[Collected data entries]
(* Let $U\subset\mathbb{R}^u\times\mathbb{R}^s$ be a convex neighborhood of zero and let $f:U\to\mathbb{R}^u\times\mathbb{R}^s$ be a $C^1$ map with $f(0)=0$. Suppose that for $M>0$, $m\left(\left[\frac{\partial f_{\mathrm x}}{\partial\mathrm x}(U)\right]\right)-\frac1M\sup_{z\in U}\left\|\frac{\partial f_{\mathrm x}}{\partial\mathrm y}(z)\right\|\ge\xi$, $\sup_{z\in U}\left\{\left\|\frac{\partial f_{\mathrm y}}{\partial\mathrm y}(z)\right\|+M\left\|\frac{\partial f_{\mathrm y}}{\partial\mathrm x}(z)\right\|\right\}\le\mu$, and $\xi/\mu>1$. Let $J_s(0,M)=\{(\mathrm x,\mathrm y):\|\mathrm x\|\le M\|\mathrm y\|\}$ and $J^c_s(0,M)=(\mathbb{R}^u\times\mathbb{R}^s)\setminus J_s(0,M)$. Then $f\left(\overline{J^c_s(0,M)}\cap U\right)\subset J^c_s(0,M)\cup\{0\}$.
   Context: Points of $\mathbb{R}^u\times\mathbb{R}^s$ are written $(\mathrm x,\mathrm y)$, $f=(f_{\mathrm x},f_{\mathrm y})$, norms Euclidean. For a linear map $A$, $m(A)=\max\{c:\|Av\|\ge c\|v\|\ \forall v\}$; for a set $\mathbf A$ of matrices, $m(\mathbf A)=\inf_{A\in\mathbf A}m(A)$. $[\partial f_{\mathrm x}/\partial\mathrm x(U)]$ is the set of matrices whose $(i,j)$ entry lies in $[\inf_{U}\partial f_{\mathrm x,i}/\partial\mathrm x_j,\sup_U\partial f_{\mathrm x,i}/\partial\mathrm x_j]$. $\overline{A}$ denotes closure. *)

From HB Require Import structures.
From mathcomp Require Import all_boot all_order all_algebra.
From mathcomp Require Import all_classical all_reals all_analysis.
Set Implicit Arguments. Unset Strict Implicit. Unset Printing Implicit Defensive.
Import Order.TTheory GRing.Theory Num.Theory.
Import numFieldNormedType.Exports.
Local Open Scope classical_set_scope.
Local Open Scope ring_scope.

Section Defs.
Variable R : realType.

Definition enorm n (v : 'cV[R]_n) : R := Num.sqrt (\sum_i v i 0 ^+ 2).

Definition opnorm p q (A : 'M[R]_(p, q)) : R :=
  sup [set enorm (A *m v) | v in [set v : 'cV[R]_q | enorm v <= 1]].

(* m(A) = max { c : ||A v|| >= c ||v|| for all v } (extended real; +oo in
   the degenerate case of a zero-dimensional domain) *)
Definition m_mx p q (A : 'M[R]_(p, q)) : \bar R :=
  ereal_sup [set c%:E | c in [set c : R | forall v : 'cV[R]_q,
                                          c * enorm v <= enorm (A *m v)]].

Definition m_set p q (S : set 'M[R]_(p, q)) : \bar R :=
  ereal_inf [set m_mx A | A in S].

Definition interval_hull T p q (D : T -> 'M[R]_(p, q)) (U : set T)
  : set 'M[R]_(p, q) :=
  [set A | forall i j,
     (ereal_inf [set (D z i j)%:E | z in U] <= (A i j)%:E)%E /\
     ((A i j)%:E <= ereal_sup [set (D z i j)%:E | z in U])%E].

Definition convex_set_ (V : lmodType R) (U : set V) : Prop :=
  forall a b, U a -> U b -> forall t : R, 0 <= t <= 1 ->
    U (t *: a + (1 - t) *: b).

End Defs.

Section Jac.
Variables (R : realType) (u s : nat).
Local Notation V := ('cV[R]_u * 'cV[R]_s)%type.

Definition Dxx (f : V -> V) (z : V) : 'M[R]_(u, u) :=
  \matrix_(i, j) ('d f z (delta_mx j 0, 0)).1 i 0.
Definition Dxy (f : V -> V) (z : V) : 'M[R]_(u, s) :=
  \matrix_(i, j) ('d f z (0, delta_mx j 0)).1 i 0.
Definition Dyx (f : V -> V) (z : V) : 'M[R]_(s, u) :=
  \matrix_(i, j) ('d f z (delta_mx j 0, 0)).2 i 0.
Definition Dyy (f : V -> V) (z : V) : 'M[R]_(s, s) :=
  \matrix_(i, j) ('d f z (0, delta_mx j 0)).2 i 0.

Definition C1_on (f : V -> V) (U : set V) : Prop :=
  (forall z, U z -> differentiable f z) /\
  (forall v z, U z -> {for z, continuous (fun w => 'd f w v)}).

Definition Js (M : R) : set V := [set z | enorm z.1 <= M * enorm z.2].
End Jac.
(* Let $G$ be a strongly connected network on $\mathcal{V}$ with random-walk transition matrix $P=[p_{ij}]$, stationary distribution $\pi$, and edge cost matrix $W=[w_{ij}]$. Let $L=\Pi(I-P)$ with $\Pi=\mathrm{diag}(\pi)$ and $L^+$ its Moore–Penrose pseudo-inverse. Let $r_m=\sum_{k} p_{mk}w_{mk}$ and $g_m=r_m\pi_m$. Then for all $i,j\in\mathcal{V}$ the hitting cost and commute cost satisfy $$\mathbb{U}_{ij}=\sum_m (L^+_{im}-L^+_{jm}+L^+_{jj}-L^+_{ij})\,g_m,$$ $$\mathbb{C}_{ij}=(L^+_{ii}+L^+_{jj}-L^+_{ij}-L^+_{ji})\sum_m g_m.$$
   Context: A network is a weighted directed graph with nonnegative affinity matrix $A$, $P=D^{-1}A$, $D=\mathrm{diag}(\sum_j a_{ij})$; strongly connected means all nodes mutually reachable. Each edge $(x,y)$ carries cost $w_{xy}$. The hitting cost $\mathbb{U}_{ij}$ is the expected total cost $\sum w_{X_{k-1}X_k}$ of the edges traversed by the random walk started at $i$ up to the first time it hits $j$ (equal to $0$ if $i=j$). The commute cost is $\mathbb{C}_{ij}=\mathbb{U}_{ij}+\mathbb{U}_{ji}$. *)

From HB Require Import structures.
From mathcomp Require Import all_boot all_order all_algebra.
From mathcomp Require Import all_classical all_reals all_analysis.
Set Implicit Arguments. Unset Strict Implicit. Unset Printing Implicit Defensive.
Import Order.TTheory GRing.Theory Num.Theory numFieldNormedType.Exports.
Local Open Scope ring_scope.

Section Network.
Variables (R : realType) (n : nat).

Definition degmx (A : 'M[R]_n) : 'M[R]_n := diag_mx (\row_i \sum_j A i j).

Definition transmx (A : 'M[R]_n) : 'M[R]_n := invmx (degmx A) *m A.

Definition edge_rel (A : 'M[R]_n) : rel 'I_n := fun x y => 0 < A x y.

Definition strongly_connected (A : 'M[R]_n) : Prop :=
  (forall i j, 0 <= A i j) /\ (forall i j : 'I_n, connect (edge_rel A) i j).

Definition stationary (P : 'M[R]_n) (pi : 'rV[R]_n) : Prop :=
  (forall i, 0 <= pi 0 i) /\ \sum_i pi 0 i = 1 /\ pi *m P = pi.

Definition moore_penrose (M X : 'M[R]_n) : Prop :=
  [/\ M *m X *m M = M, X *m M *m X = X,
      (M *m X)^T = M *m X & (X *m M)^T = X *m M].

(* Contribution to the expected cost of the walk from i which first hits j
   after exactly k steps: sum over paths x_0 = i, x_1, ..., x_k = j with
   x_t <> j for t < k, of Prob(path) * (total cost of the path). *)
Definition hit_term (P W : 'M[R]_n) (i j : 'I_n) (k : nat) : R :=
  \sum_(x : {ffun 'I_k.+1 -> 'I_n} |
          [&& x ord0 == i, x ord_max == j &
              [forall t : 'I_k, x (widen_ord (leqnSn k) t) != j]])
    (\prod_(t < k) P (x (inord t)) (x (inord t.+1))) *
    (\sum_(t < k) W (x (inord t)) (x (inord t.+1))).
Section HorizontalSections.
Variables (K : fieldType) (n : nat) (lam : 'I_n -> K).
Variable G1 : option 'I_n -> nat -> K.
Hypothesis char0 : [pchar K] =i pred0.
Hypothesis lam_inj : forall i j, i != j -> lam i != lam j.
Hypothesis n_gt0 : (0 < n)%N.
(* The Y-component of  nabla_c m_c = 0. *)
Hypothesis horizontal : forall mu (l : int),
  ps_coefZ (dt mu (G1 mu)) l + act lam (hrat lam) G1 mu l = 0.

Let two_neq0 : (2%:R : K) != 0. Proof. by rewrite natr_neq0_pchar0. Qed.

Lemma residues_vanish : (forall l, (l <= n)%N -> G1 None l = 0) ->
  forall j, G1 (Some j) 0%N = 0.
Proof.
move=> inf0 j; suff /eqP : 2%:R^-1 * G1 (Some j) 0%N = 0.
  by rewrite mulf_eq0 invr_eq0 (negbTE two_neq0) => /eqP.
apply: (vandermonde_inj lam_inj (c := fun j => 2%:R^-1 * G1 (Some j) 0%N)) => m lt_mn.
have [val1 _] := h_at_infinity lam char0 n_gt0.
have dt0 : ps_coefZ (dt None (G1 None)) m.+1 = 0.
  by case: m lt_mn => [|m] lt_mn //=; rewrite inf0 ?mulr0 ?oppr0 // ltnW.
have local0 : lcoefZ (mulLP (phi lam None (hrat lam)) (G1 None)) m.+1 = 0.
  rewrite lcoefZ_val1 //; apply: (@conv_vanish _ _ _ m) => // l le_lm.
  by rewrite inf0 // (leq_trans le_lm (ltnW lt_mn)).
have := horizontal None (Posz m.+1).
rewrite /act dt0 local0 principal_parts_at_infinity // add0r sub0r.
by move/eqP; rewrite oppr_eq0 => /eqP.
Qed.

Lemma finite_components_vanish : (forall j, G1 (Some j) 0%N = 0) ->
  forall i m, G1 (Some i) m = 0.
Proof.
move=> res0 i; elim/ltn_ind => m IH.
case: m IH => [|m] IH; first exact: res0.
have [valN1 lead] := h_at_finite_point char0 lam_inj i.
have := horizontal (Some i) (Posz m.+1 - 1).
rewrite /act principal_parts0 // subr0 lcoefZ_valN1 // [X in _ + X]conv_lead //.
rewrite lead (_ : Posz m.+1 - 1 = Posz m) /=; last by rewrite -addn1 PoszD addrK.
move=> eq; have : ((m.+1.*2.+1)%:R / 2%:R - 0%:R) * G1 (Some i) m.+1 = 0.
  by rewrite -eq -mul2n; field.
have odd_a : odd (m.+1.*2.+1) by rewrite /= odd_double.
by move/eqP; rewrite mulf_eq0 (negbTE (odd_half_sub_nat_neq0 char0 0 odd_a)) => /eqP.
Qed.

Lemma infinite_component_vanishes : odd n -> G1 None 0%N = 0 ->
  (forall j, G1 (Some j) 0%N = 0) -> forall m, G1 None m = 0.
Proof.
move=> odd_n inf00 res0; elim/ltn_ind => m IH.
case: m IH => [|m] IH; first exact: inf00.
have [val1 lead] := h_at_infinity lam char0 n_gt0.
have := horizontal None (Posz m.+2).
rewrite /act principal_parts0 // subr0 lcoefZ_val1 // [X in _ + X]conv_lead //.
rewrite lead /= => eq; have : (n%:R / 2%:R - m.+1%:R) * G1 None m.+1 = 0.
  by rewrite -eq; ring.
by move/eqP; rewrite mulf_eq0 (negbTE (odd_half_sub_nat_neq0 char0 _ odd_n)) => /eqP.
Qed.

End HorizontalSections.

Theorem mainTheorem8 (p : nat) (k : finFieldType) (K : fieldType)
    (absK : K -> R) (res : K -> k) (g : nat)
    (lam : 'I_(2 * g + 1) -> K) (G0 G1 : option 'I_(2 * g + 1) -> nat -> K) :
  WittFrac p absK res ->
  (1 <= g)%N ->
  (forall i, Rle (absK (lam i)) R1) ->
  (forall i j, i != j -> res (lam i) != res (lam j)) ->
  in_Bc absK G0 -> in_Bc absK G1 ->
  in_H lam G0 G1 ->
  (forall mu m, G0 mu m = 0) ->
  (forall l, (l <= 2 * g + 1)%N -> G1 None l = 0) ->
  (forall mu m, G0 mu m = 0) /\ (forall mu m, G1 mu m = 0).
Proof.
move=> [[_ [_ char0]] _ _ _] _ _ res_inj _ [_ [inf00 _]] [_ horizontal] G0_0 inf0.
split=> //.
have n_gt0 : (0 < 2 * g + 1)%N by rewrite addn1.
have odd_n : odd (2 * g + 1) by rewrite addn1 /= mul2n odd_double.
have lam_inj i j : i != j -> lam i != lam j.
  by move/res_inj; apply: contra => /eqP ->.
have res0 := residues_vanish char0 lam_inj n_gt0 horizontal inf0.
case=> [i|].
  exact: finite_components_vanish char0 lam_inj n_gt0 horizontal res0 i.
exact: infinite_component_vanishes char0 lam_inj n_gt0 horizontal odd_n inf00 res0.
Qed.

> [ASSIGNED TASK] Write out exactly the lines that fall from the line with "move=> inf0 j;" to the line with "have [val1 _]" in the records above, keeping both ends.

> [REPLY TO THE TASK]
move=> inf0 j; suff /eqP : 2%:R^-1 * G1 (Some j) 0%N = 0.
  by rewrite mulf_eq0 invr_eq0 (negbTE two_neq0) => /eqP.
apply: (vandermonde_inj lam_inj (c := fun j => 2%:R^-1 * G1 (Some j) 0%N)) => m lt_mn.
have [val1 _] := h_at_infinity lam char0 n_gt0.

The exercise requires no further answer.